Problem description
Copy out every line holding the string "exact" from the records below.

Start of Raw data

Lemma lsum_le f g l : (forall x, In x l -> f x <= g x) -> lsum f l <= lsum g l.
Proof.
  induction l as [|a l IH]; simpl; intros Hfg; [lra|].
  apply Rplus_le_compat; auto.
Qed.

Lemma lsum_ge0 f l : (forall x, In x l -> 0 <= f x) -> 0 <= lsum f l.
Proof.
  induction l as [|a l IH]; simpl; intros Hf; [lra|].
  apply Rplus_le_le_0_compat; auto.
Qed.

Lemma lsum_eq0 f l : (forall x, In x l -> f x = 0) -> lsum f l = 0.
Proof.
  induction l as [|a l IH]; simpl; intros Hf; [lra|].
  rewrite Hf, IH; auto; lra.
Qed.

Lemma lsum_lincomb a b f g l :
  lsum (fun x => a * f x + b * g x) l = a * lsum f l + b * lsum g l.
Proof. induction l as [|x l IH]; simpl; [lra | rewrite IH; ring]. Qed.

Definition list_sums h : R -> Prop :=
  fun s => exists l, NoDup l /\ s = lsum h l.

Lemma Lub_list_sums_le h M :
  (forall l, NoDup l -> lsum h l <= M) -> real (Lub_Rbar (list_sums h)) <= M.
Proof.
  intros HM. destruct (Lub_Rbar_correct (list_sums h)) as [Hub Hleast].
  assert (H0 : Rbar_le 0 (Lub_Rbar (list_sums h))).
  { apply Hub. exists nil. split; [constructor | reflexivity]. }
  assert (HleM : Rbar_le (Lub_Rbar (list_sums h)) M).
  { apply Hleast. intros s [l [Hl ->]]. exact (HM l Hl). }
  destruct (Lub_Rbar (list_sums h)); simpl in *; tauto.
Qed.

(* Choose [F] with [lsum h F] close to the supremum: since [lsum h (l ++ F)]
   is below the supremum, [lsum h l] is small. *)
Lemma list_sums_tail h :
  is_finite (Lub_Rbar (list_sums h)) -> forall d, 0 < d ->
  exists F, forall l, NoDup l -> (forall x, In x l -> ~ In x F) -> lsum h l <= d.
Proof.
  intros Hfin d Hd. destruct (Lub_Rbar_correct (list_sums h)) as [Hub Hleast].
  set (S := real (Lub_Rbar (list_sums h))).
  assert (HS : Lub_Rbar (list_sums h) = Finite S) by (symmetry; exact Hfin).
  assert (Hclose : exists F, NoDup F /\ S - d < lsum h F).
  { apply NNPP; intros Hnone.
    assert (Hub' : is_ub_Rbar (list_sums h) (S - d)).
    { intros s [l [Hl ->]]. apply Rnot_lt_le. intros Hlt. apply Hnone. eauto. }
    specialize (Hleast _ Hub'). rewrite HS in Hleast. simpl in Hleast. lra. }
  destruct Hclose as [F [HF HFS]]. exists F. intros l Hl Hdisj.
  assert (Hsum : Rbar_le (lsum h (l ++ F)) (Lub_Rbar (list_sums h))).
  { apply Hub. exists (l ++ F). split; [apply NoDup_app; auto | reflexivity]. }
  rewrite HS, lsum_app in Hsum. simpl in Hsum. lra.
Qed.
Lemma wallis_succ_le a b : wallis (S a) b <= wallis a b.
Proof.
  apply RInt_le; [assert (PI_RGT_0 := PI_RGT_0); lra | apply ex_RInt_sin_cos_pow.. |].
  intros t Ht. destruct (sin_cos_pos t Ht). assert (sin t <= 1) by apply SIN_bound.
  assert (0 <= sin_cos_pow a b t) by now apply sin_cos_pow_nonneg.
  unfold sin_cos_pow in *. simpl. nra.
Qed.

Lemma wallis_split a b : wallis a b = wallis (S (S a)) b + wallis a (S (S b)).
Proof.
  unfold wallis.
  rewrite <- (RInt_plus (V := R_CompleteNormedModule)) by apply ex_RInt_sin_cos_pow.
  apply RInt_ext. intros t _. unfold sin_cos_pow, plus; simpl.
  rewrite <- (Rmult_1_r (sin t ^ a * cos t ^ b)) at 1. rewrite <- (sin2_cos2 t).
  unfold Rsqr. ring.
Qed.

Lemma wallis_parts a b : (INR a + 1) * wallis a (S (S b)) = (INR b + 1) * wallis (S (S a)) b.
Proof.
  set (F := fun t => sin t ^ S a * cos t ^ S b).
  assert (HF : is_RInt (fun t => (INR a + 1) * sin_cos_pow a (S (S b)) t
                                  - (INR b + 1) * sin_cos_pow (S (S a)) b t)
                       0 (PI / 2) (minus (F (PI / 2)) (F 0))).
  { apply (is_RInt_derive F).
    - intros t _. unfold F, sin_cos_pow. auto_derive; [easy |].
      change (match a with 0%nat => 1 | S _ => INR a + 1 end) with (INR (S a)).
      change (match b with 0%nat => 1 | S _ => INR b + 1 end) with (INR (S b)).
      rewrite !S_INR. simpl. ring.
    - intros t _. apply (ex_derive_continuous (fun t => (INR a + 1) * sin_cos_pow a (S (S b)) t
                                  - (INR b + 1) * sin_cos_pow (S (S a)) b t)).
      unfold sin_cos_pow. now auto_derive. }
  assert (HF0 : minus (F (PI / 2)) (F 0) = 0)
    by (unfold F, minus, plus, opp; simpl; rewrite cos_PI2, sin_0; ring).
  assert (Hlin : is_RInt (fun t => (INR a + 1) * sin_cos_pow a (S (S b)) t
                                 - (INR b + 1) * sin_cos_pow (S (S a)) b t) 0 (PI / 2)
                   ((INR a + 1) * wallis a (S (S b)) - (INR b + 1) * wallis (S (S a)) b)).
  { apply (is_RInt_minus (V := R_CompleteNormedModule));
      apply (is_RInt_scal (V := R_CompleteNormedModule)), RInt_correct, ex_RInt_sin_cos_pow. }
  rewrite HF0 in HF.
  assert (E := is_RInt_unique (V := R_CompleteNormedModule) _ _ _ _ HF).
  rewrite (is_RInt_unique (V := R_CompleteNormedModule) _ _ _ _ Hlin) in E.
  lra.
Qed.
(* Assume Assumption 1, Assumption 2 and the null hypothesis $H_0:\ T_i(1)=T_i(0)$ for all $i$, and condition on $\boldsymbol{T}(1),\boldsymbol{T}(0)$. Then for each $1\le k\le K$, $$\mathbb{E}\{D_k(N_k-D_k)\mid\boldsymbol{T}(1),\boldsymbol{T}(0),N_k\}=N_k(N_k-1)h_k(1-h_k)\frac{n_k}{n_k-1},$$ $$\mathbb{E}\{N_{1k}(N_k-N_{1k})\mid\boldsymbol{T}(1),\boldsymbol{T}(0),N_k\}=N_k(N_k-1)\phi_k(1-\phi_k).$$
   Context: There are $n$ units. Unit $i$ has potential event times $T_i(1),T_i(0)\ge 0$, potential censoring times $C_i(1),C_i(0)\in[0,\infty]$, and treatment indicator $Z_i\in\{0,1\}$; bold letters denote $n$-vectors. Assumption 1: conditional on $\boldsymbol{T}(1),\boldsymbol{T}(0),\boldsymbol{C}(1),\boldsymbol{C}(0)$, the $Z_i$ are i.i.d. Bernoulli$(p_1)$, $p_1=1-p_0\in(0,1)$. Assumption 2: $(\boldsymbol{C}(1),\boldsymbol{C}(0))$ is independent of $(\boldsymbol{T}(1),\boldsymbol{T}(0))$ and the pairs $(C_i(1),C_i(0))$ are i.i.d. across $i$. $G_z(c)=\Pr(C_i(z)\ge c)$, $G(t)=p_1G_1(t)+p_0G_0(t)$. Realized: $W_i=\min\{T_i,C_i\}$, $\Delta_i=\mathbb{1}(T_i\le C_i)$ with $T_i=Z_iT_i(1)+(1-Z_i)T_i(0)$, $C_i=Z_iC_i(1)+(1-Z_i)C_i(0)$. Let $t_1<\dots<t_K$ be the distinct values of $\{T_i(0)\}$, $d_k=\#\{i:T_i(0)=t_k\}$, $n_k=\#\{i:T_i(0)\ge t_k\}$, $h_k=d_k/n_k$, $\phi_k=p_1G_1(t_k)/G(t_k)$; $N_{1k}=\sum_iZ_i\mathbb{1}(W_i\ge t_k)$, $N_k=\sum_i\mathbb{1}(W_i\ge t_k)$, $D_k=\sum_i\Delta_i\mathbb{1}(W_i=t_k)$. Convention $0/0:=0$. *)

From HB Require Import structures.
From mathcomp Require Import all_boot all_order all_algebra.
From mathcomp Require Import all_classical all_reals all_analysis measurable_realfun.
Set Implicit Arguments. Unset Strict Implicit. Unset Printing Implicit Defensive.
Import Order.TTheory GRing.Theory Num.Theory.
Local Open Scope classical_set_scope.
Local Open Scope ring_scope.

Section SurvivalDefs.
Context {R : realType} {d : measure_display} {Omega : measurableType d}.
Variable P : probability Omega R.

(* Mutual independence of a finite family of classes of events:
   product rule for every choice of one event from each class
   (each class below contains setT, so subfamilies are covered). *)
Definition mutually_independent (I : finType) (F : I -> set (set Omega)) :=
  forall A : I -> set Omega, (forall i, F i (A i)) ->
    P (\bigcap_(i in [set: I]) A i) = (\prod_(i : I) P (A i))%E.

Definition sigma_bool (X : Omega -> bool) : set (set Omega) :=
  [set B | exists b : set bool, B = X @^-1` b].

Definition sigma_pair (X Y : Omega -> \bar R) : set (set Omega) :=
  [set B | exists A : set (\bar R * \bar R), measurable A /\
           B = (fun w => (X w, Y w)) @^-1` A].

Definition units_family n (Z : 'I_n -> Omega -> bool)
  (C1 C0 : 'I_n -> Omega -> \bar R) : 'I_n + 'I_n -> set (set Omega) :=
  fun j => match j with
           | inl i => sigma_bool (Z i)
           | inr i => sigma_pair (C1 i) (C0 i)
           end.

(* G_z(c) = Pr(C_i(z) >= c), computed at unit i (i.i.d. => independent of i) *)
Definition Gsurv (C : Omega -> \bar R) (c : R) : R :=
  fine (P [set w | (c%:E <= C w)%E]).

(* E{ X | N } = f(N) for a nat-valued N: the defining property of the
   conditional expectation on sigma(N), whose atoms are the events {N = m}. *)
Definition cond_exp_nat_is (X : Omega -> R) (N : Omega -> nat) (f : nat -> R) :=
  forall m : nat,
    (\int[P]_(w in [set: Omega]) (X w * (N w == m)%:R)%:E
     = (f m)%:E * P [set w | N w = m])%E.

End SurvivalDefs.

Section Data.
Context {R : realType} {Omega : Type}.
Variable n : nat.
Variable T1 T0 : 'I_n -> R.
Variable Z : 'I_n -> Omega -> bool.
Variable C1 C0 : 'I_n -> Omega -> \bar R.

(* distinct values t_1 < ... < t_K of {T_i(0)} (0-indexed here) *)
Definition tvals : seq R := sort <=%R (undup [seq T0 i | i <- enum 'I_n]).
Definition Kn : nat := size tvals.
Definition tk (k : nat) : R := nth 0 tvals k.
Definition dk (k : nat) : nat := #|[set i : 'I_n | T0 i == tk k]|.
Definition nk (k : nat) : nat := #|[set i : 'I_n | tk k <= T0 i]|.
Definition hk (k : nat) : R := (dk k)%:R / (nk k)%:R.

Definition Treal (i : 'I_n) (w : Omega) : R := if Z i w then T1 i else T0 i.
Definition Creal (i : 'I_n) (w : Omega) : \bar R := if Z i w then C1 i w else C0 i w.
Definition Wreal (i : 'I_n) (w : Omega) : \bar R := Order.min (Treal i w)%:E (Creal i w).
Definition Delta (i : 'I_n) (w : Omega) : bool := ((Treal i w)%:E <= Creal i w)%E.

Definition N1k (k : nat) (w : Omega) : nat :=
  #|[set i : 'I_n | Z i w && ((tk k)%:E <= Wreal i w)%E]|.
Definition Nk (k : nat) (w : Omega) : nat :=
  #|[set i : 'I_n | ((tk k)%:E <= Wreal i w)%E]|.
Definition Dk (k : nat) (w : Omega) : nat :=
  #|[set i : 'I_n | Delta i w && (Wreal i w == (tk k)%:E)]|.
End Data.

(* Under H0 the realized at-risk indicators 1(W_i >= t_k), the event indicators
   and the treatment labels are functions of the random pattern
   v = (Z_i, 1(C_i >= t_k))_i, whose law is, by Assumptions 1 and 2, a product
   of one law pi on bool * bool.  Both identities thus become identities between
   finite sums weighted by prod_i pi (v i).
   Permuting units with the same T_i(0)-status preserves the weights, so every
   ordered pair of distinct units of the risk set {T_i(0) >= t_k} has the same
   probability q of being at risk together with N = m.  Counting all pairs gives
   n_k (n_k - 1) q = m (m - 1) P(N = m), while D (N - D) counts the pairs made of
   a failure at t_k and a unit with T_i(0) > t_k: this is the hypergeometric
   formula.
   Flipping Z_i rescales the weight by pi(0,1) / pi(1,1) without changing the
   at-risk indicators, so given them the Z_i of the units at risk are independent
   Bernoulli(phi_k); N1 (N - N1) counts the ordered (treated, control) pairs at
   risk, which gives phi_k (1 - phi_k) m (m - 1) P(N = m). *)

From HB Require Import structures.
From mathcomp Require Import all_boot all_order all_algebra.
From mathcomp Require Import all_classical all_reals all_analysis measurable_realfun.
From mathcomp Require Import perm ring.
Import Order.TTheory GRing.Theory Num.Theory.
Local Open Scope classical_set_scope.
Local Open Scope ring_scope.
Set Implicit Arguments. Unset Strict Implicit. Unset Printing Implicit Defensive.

End of Raw data

Reply to the task
  { apply Hleast. intros s [l [Hl ->]]. exact (HM l Hl). }
  assert (HS : Lub_Rbar (list_sums h) = Finite S) by (symmetry; exact Hfin).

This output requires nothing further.